Longicrusavis Temporal range: Early Cretaceous, 122 Ma PreꞒ Ꞓ O S D C P T J K Pg N B V H B Apt. Albian C T C S Cam. M

Scientific classification
- Kingdom: Animalia
- Phylum: Chordata
- Class: Reptilia
- Clade: Dinosauria
- Clade: Saurischia
- Clade: Theropoda
- Clade: Avialae
- Clade: Ornithuromorpha
- Family: †Hongshanornithidae
- Genus: †Longicrusavis O'Connor et al., 2010
- Species: †L. houi
- Binomial name: †Longicrusavis houi O'Connor et al., 2010

= Longicrusavis =

- Authority: O'Connor et al., 2010
- Parent authority: O'Connor et al., 2010

Extinct genus of birds

Longicrusavis (meaning "long shin bird" in Latin) is an extinct genus of basal ornithuromorph bird found only at Dawangzhangzi village in Liaoning Province, China. Longicrusavis was a ground dwelling carnivore, a wader, and part of biological family Hongshanornithidae, considered to have been a dominant species in the Jehol Biota, the prehistoric Chinese ecosystem which supported them.
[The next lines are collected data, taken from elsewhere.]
Lemma pinned_prod x y (f : 'I_k -> {set V} -> R) :
  \prod_i f i (pinned x y i) = f a [set x] * f b [set y] * \prod_(j | J j) f j (Vc j).
Proof.
rewrite (bigD1 a) // (bigD1 b) 1?eq_sym //= mulrA /pinned eqxx eq_sym (negbTE a_neq_b) eqxx.
by congr (_ * _); apply: eq_bigr => j /andP[/negbTE -> /negbTE ->].
Qed.

Lemma card_pinned_family x y : #|family (pinned x y)|%:R = P.
Proof. by rewrite card_family_prod (pinned_prod x y (fun _ A => #|A|%:R)) !cards1 !mul1r. Qed.

Lemma class_gt0 j : P != 0 -> J j -> (0 < #|Vc j|)%N.
Proof.
move=> P_neq0 Jj; rewrite lt0n; apply: contraNneq P_neq0 => Vj0.
by rewrite (bigD1 j) //= Vj0 mul0r.
Qed.

Lemma sum_pinned_link x y : P != 0 ->
  \sum_(g in family (pinned x y)) \prod_i link_weight x y i (g i) =
  P * \prod_(j | J j) ((\sum_(v in Vc j) link_weight x y j v) / #|Vc j|%:R).
Proof.
move=> P_neq0; rewrite sum_family_prod.
rewrite (pinned_prod x y (fun i A => \sum_(v in A) link_weight x y i v)).
rewrite !big_set1 /link_weight !eqxx andbF !mul1r -big_split /=.
by apply: eq_bigr => j Jj; rewrite mulrC divfK // pnatr_eq0 -lt0n class_gt0.
Qed.

Lemma homg_pinned x y (g : {ffun 'I_k -> V}) : g \in family (pinned x y) ->
  homg R e F g = wG R e x y * ((\prod_(p <- enum (inner_edges F a b)) wG R e (g p.1) (g p.2))
                               * \prod_i link_weight x y i (g i)).
Proof.
move=> /family_pinned_ab[ga gb].
rewrite /homg (big_edges_split a_neq_b FC) => [|i j]; last exact: wGC.
rewrite Fab big_enum ga gb; congr (_ * (_ * _)).
by rewrite big_mkcond; apply: eq_bigr => i _; rewrite /link_weight; case: ifP.
Qed.

Lemma dens_prod_pinned :
  \prod_(i < k) \prod_(j < k | (i < j)%N && F i j &&
       ~~ (((i == a) && (j == b)) || ((i == b) && (j == a)))) d i j =
  (\prod_(p <- enum (inner_edges F a b)) d p.1 p.2) * \prod_(j | J j) link_density j.
Proof.
pose phi (i j : 'I_k) := if ((i == a) && (j == b)) || ((i == b) && (j == a)) then 1 else d i j.
rewrite [LHS](eq_bigr (fun i : 'I_k => \prod_(j < k | (i < j)%N && F i j) phi i j)) => [|i _].
  rewrite (big_edges_split a_neq_b FC) => [|i j]; last first.
    by rewrite /phi orbC ![(j == _) && _]andbC densC.
  rewrite Fab /= {1}/phi !eqxx mul1r big_enum; congr (_ * _).
    apply: eq_bigr => p; rewrite inE => /and5P[/negbTE p1a /negbTE p1b _ _ _].
    by rewrite /phi p1a p1b.
  apply: eq_bigr => j /andP[/negbTE ja /negbTE jb].
  by rewrite /phi /link_density !eqxx ja jb !andbF.
by rewrite big_mkcondr; apply: eq_bigr => j _; rewrite if_neg.
Qed.

Lemma pinned_counting x y : P != 0 ->
  `|\sum_(g in family (pinned x y))
       (\prod_(p <- enum (inner_edges F a b)) wG R e (g p.1) (g p.2))
       * \prod_i link_weight x y i (g i)
    - (\prod_(p <- enum (inner_edges F a b)) d p.1 p.2)
       * (P * \prod_(j | J j) ((\sum_(v in Vc j) link_weight x y j v) / #|Vc j|%:R))|
  <= #|inner_edges F a b|%:R * eps * P.
Proof.
move=> P_neq0; rewrite -(sum_pinned_link x y P_neq0) -(card_pinned_family x y) cardE.
apply: family_counting => [u v|i v|||p]; rewrite ?wG_01 ?link_weight_01 ?enum_uniq //.
rewrite mem_enum inE => /and5P[p1a p1b p2a p2b /andP[p_lt _]].
rewrite dens_01 !pinned_J ?p1a ?p1b ?p2a ?p2b //; split=> //.
by apply/homogeneous_cut/hom; rewrite -val_eqE neq_ltn p_lt.
Qed.
Lemma local_ideal_sub S mS I : is_local S mS -> is_ideal S I -> ~ I 1 ->
  forall x, I x -> mS x.
Proof.
case=> hS _ hall hI hI1 x Ix.
have [M [hM IM]] := maximal_ideal_above hS hI hI1.
exact/(hall M hM)/IM.
Qed.

Lemma local_unit S mS x : is_local S mS -> S x -> ~ mS x ->
  exists y, S y /\ x * y = 1.
Proof.
move=> hl Sx mx; have [hS _ hall] := hl.
have [//|[M [hM Mx]]] := subring_unit_or_maximal hS Sx.
by case: mx; apply/(hall M hM).
Qed.

Lemma local_of_units S I : is_subring S -> is_ideal S I -> ~ I 1 ->
  (forall x, S x -> ~ I x -> exists y, S y /\ x * y = 1) -> is_local S I.
Proof.
move=> hS hI I1 units.
have proper_sub K : is_ideal S K -> ~ K 1 -> forall x, K x -> I x.
  move=> hK K1 x Kx; have [//|Ix] := pselect (I x).
  have [y [Sy xy]] := units x (ideal_sub hK Kx) Ix.
  by case: K1; exact: ideal_unit hK Kx Sy xy.
have hImax : is_maximal_ideal S I.
  split => // K hK _; have [|K1] := pselect (K 1); [by left | right].
  exact: proper_sub.
split => // n [hn n1 nmax] x; have nI := proper_sub n hn n1.
split; first exact: nI.
by case: (nmax I hI nI) => [/I1|] //; apply.
Qed.

Lemma integral_over_sub A C : (forall x, A x -> C x) ->
  integral_over A -> integral_over C.
Proof. by move=> sAC hint b; have [p [pm pA pb]] := hint b; exists p; split=> // i; apply: sAC. Qed.

Lemma sum_pred_l S I x : I 0 -> S x -> sum_pred S I x.
Proof. by move=> I0 Sx; exists x, 0; rewrite addr0. Qed.

Lemma sum_pred_r S I x : S 0 -> I x -> sum_pred S I x.
Proof. by move=> S0 Ix; exists 0, x; rewrite add0r. Qed.

Lemma subring_sum_ideal S I : is_subring S -> is_ideal (fun _ => True) I ->
  is_subring (sum_pred S I).
Proof.
move=> hS hI; split.
- exact: sum_pred_l (ideal0 hI) (subring1 hS).
- move=> _ _ [a1 [r1 [S1 I1 ->]]] [a2 [r2 [S2 I2 ->]]].
  exists (a1 - a2), (r1 - r2); rewrite opprD addrACA.
  by split; [exact: subringB | exact: idealB subringT hI I1 I2 |].
- move=> _ _ [a1 [r1 [S1 I1 ->]]] [a2 [r2 [S2 I2 ->]]].
  exists (a1 * a2), (a1 * r2 + a2 * r1 + r1 * r2); split.
  + exact: subringM.
  + have Ir s r : I r -> I (s * r) by exact: idealMl hI _.
    exact: idealD hI (idealD hI (Ir _ _ I2) (Ir _ _ I1)) (Ir _ _ I2).
  + by ring.
Qed.

Notation J := (jacobson_radical (B:=B)).

Lemma jacobson_ideal : is_ideal (fun _ => True) J.
Proof.
split=> //.
- by move=> N /maxB_ideal/ideal0.
- by move=> x y Jx Jy N hN; apply: idealD (maxB_ideal hN) (Jx N hN) (Jy N hN).
- by move=> s x _ Jx N hN; apply: idealMl (maxB_ideal hN) _ (Jx N hN).
Qed.

Lemma jacobson_proper : ~ J 1.
Proof. by have [N hN] := exists_maxB => /(_ N hN); exact: maxB_proper. Qed.

Lemma jacobson_unit1D r : J r -> exists v, (1 + r) * v = 1.
Proof.
move=> Jr; have [[v [_ rv]]|[M [hM M1r]]] := subring_unit_or_maximal (x := 1 + r) subringT Logic.I;
  first by exists v.
case: (maxB_proper hM).
by have := idealB subringT (maxB_ideal hM) M1r (Jr M hM); rewrite addrK.
Qed.

End SubringsIdeals.

Lemma homog_horner (B : comNzRingType) (p : {poly B}) (a y : B) :
  a ^+ (size p).-1 * p.[y] =
  \sum_(i < size p) p`_i * a ^+ ((size p).-1 - i) * (a * y) ^+ i.
Proof.
rewrite horner_coef mulr_sumr; apply: eq_bigr => i _.
have le_i_d : (i <= (size p).-1)%N by rewrite -ltnS prednK // (leq_ltn_trans _ (ltn_ord i)).
by rewrite -{1}(subnK le_i_d) exprD exprMn; ring.
Qed.

Section LyingOver.
Variables (B : comNzRingType) (S mS : B -> Prop).
Hypothesis hloc : is_local S mS.

Lemma local_homog_unit (p : {poly B}) a : p \is monic -> (forall i, S p`_i) -> mS a ->
  exists u, S u /\ (\sum_(i < size p) p`_i * a ^+ ((size p).-1 - i)) * u = 1.
Proof.
move=> pm pS ma; have [hS [hm m1 _] _] := hloc.
have sz : size p = (size p).-1.+1 by rewrite prednK // size_poly_gt0 monic_neq0.
move: (monicP pm); rewrite lead_coefE; move: sz; set d := (size p).-1 => sz pd.
rewrite sz big_ord_recr /= subnn expr0 mulr1 pd.
set s := \sum_(i < d) _.
have ms : mS s.
  apply: (ideal_sum hm) => i; rewrite -(subnSK (ltn_ord i)) exprSr mulrA.
  exact: (idealMl hm (subringM hS (pS _) (subringX _ hS (ideal_sub hm ma))) ma).
apply: (local_unit hloc).
  exact: subringD hS (ideal_sub hm ms) (subring1 hS).
by move=> ms1; apply: m1; have := idealB hS hm ms1 ms; rewrite addrAC subrr add0r.
Qed.

Lemma maxB_homog N (p : {poly B}) a y : maxB N -> N (a * y - 1) -> root p y ->
  N (\sum_(i < size p) p`_i * a ^+ ((size p).-1 - i)).
Proof.
move=> hN ay1 py; have hI := maxB_ideal hN.
have -> : \sum_(i < size p) p`_i * a ^+ ((size p).-1 - i) =
    \sum_(i < size p) p`_i * a ^+ ((size p).-1 - i) - a ^+ (size p).-1 * p.[y].
  by rewrite (rootP py) mulr0 subr0.
rewrite homog_horner -sumrB; apply: (ideal_sum hI) => i.
rewrite -[X in X - _]mulr1 -mulrBr.
exact: idealMl hI _ (ideal_1Bexpr _ hI ay1).
Qed.

Lemma maxB_contract N a : integral_over S -> maxB N -> S a -> (N a <-> mS a).
Proof.
move=> hint hN Sa; have hI := maxB_ideal hN; have [hS _ _] := hloc.
split=> [Na | ma].
  have hSN : is_ideal S (fun x => S x /\ N x).
    split.
    - by move=> x [].
    - by split; [exact: subring0 | exact: ideal0 hI].
    - by move=> x y [Sx Nx] [Sy Ny]; split; [exact: subringD | exact: idealD hI Nx Ny].
    - by move=> s x Ss [Sx Nx]; split; [exact: subringM | exact: idealMl hI _ Nx].
  by apply: local_ideal_sub hloc hSN _ _ _ => // -[_ /(maxB_proper hN)].
have [//|Na] := pselect (N a).
have [y ay1] := maxB_invertible_mod hN Na.
have [p [pm pS py]] := hint y.
have [u [_ tu]] := local_homog_unit pm pS ma.
by case: (maxB_proper hN); exact: ideal_unit hI (maxB_homog hN ay1 py) _ tu.
Qed.

End LyingOver.

Section SumJacobson.
Variables (B : comNzRingType) (A m : B -> Prop).
Hypotheses (hAloc : is_local A m) (hint : integral_over A).
Local Notation J := (jacobson_radical (B:=B)).
Local Notation A' := (sum_pred A J).

Let hA : is_subring A. Proof. by case: hAloc. Qed.
Let hm : is_ideal A m. Proof. by case: hAloc => _ []. Qed.

Lemma jacobson_contract a : A a -> (J a <-> m a).
Proof.
move=> Aa; split=> [Ja | ma N hN]; last exact/(maxB_contract hAloc hint hN Aa).
have [N hN] := exists_maxB B.
exact/(maxB_contract hAloc hint hN Aa)/(Ja N hN).
Qed.

Lemma sum_jacobson_subring : is_subring A'.
Proof. exact: subring_sum_ideal hA (jacobson_ideal B). Qed.

Lemma sum_jacobson_unit x : A' x -> ~ J x -> exists y, A' y /\ x * y = 1.
Proof.
have hJ := jacobson_ideal B.
move=> [a [r [Aa Jr ->]]] Jar.
have ma : ~ m a by move/(jacobson_contract Aa) => Ja; apply: Jar; exact: idealD hJ Ja Jr.
have [u [Au au]] := local_unit hAloc Aa ma.
have Jur : J (u * r) by exact: idealMl hJ _ Jr.
have [v uv] := jacobson_unit1D Jur.
exists (u * v); split; last by rewrite mulrA mulrDl au (mulrC r u).
apply: (subringM sum_jacobson_subring); first exact: sum_pred_l (ideal0 hJ) Au.
have -> : v = 1 - u * r * v by rewrite -uv mulrDl mul1r addrK.
have Jurv : J (u * r * v) by rewrite mulrC; exact: idealMl hJ _ Jur.
exists 1, (- (u * r * v)); split=> //; first exact: subring1.
by rewrite -mulN1r; exact: idealMl hJ _ Jurv.
Qed.

Lemma sum_jacobson_local : is_local A' J.
Proof.
have hJ := jacobson_ideal B.
apply: local_of_units sum_jacobson_subring _ (@jacobson_proper B) sum_jacobson_unit.
have [_ J0 JD JM] := hJ; split=> // [x Jx|s x _ Jx].
  exact: sum_pred_r (subring0 hA) Jx.
exact: JM.
Qed.

Lemma sum_jacobson_residue_iso : canonical_residue_iso A m A' J.
Proof.
split=> [a Aa /(jacobson_contract Aa)//|a Aa /(jacobson_contract Aa)//|].
by move=> _ [a [r [Aa Jr ->]]]; exists a; rewrite addrAC subrr add0r.
Qed.

Lemma sum_jacobson_largest C n : (forall x, A x -> C x) ->
  is_local C n -> canonical_residue_iso A m C n -> forall x, C x -> A' x.
Proof.
move=> AC hC [_ _ residue_surj] x Cx.
have [hCs _ _] := hC.
have [a [Aa nxa]] := residue_surj x Cx.
have Cxa : C (x - a) by apply: subringB hCs Cx (AC _ Aa).
exists a, (x - a); split=> //; last by rewrite addrC subrK.
move=> N hN; exact/(maxB_contract hC (integral_over_sub AC hint) hN Cxa).
Qed.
The name Hongshanornithidae refers to one of China's oldest recorded cultures in the region, the Hongshan culture.

==Description==
Longicrusavis is a ground dwelling carnivore known from the holotype specimen PKUP V1069, found from the Lower Cretaceous Yixian Formation in Liaoning Province, China., which consists of shale slab and counter slab. The skeleton is nearly complete and belongs to an adult individual, with carbonized feathers preserved in full plumage with visible colouration around the head and forelimbs.

Like the closely related genus Hongshanornis, Longicrusavis has hindlimbs that are very long relative to the forelimbs. Longicrusavis has a rostrum that is more robust than that of Hongshanornis. The skull, though broken in the individual specimen, would be roughly triangular in shape with large eye socket orbits. In lateral view, the dorsal margin of the skull is slightly concave, but not as much as the dorsal margin of the skull of Hongshanornis, where there is an abrupt constriction at the rostrum.

Although no teeth are preserved, they were likely present in the upper jaw owing to the presence of alveoli, or tooth sockets, in the premaxilla and maxilla. Otherwise, Longicrusavis is one of the closest examples to a toothless bird with an evolving beak. Hongshanornis also appears to have alveoli, despite being described as toothless when it was first named. No alveoli are found in the mandible, indicating that it was likely edentulous. Longicrusavis exhibits an obvious long, thin, pointed beak.

Comparison of the tail feathers to another similar discovery, both possessing a long fan shaped tail improving flight, suggests these to be the oldest form of bird with this type of tail.

==Implications==
Longicrusavis is important because detailed evidence of transitioning dinosaurs to birds are rare. Specimen PKUP V1069 also gives us, in conjunction with another palaeontological discovery five years before, evidence a range of small specialised birds from the early Cretaceous, 120-130 million years ago.

The holotype evidencing the discovery is held at the Beijing Institute of Vertebrate Paleontology and Paleoanthropology (IVPP) as part of a collection.

==Jehol Biota==
The Longicrusavis fossil was part the Jehol Biota from which is unearthed a whole range of palaeontological finds including dinosaurs, mammals, birds, fishes and invertebrates. "The Jehol Biota never fails to stop giving, and the research to be done on these fossils is virtually endless!" said O'Connor who has determined at least three evolutionary stages to divide history based on the Dabeigou (130ma), Yixian (125ma), and Jiufotang (120ma) Formation periods issuing the Longicrusavis are the earlier Yixian and Jiufotang.